◆ **Assigned task**
Scan the entries and copy each line where the word "true" is present.

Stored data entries
Section IndependentOutcomes.
Variables (I U K C : finType).
Local Notation Omega := {ffun I * U -> K}.
Variable out : I -> Omega -> option C.
Hypothesis out_local :
  forall e (w w' : Omega), (forall u, w (e, u) = w' (e, u)) -> out e w = out e w'.

Implicit Types (e : I) (S : {set I}) (J : {set C}) (w h g : Omega).

Definition hit (S : {set I}) (J : {set C}) : {set Omega} :=
  [set g | [forall j in J, [exists e in S, out e g == Some j]]].

Lemma hit_spliceU1 e S J w h : e \notin S ->
  (splice [pred x | x.1 == e] w h \in hit (e |: S) J) =
  [forall j in J, (out e h == Some j) || [exists e' in S, out e' w == Some j]].
Proof.
move=> eS; rewrite inE; apply: eq_forallb => j; congr (_ ==> _).
have out_splice e' :
    out e' (splice [pred x | x.1 == e] w h) = if e' == e then out e h else out e' w.
  by case: eqP => [->|/eqP ne]; apply: out_local => u; rewrite ffunE /= ?eqxx ?(negbTE ne).
apply/existsP/orP => [[e' /andP[]]|[hj|/existsP[e' /andP[e'S wj]]]].
- rewrite out_splice in_setU1.
  case: (eqVneq e' e) => [_ _ hj|_ /= e'S wj]; first by left.
  by right; apply/existsP; exists e'; rewrite e'S.
- by exists e; rewrite setU11 out_splice eqxx.
- have /negbTE e'e : e' != e by apply: contraNneq eS => <-.
  by exists e'; rewrite in_setU1 e'S orbT out_splice e'e.
Qed.

Hypothesis K_gt0 : (0 < #|K|)%N.

Lemma pr_hit_setU1 e S J : e \notin S ->
  pr (hit (e |: S) J) = pr (hit S J) +
    \sum_(j in J) pr [set g | out e g == Some j] * (pr (hit S (J :\ j)) - pr (hit S J)).
Proof.
move=> eS; rewrite /pr (mean_splice [pred x | x.1 == e]).
under eq_mean => w do under eq_mean => h do
  rewrite hit_spliceU1 // natr_forall_or_Some.
under eq_mean => w do rewrite meanD mean_const // mean_sum.
rewrite meanD mean_sum; congr (_ + _); first by apply: eq_mean => w; rewrite inE.
apply: eq_bigr => j _; under eq_mean => w do rewrite meanMr.
by rewrite meanMl meanB; congr (_ * (_ - _)); apply: eq_mean => w; rewrite inE.
Qed.

Lemma pr_hit_set0 S : pr (hit S set0) = 1.
Proof.
rewrite -(mean_const (I * U)%type K_gt0 1); apply: eq_mean => g.
suff -> : g \in hit S set0 by [].
by rewrite inE; apply/forall_inP => j; rewrite in_set0.
Qed.

Lemma pr_hit0 J j : j \in J -> pr (hit set0 J) = 0.
Proof.
move=> jJ; rewrite /pr /mean big1 ?mul0r // => g _.
rewrite inE; case: forall_inP => // /(_ j jJ) /exists_inP[e]; by rewrite in_set0.
Qed.
(* Vertex kinds are booleans: [false] for the outer u_i, [true] for the inner v_i.
   [walk3 a b k] is the length of a shortest walk from a vertex of kind a to the vertex
   of kind b lying k positions ahead that never moves backwards: k %/ 3 inner jumps,
   k %% 3 outer steps and the spokes needed to use the inner ring (two outer vertices
   may also just stay on the outer ring). *)
Definition ring_step (b : bool) := if b then 3 else 1.

Definition walk3 (a b : bool) k :=
  match a, b with
  | false, false => minn k (k %/ 3 + k %% 3 + 2)
  | true, true => k %/ 3 + k %% 3 + 2 * minn 1 (k %% 3)
  | _, _ => k %/ 3 + k %% 3 + 1
  end.

Definition dist3 n a b k := minn (walk3 a b k) (walk3 a b (n - k)).

Lemma walk3C a b k : walk3 a b k = walk3 b a k.
Proof. by case: a; case: b. Qed.

Lemma walk3_descent a b k : 0 < walk3 a b k ->
  walk3 a (~~ b) k < walk3 a b k \/
  ring_step b <= k /\ walk3 a b (k - ring_step b) < walk3 a b k.
Proof. by case: a; case: b; rewrite /= /ring_step; lia. Qed.

Lemma modn_lt_double k n : k < n + n -> k %% n = if k < n then k else k - n.
Proof.
move=> lt_k_2n; case: (ltnP k n) => [/modn_small //|le_n_k].
by rewrite -{1}(subnK le_n_k) modnDr modn_small // ltn_subLR.
Qed.

Lemma dist3_eq0 n a b k : 16 < n -> k < n -> dist3 n a b k = 0 -> k = 0 /\ a = b.
Proof. by case: a b => [] []; rewrite /dist3 /=; lia. Qed.

Lemma dist3_0 n a : dist3 n a a 0 = 0.
Proof. by case: a; rewrite /dist3 /=; lia. Qed.

Lemma dist3_lt n a b k : 16 < n -> k < n -> dist3 n a b k < n + n.
Proof. by case: a b => [] []; rewrite /dist3 /=; lia. Qed.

◆ **Task response**
(* Vertex kinds are booleans: [false] for the outer u_i, [true] for the inner v_i.
  | true, true => k %/ 3 + k %% 3 + 2 * minn 1 (k %% 3)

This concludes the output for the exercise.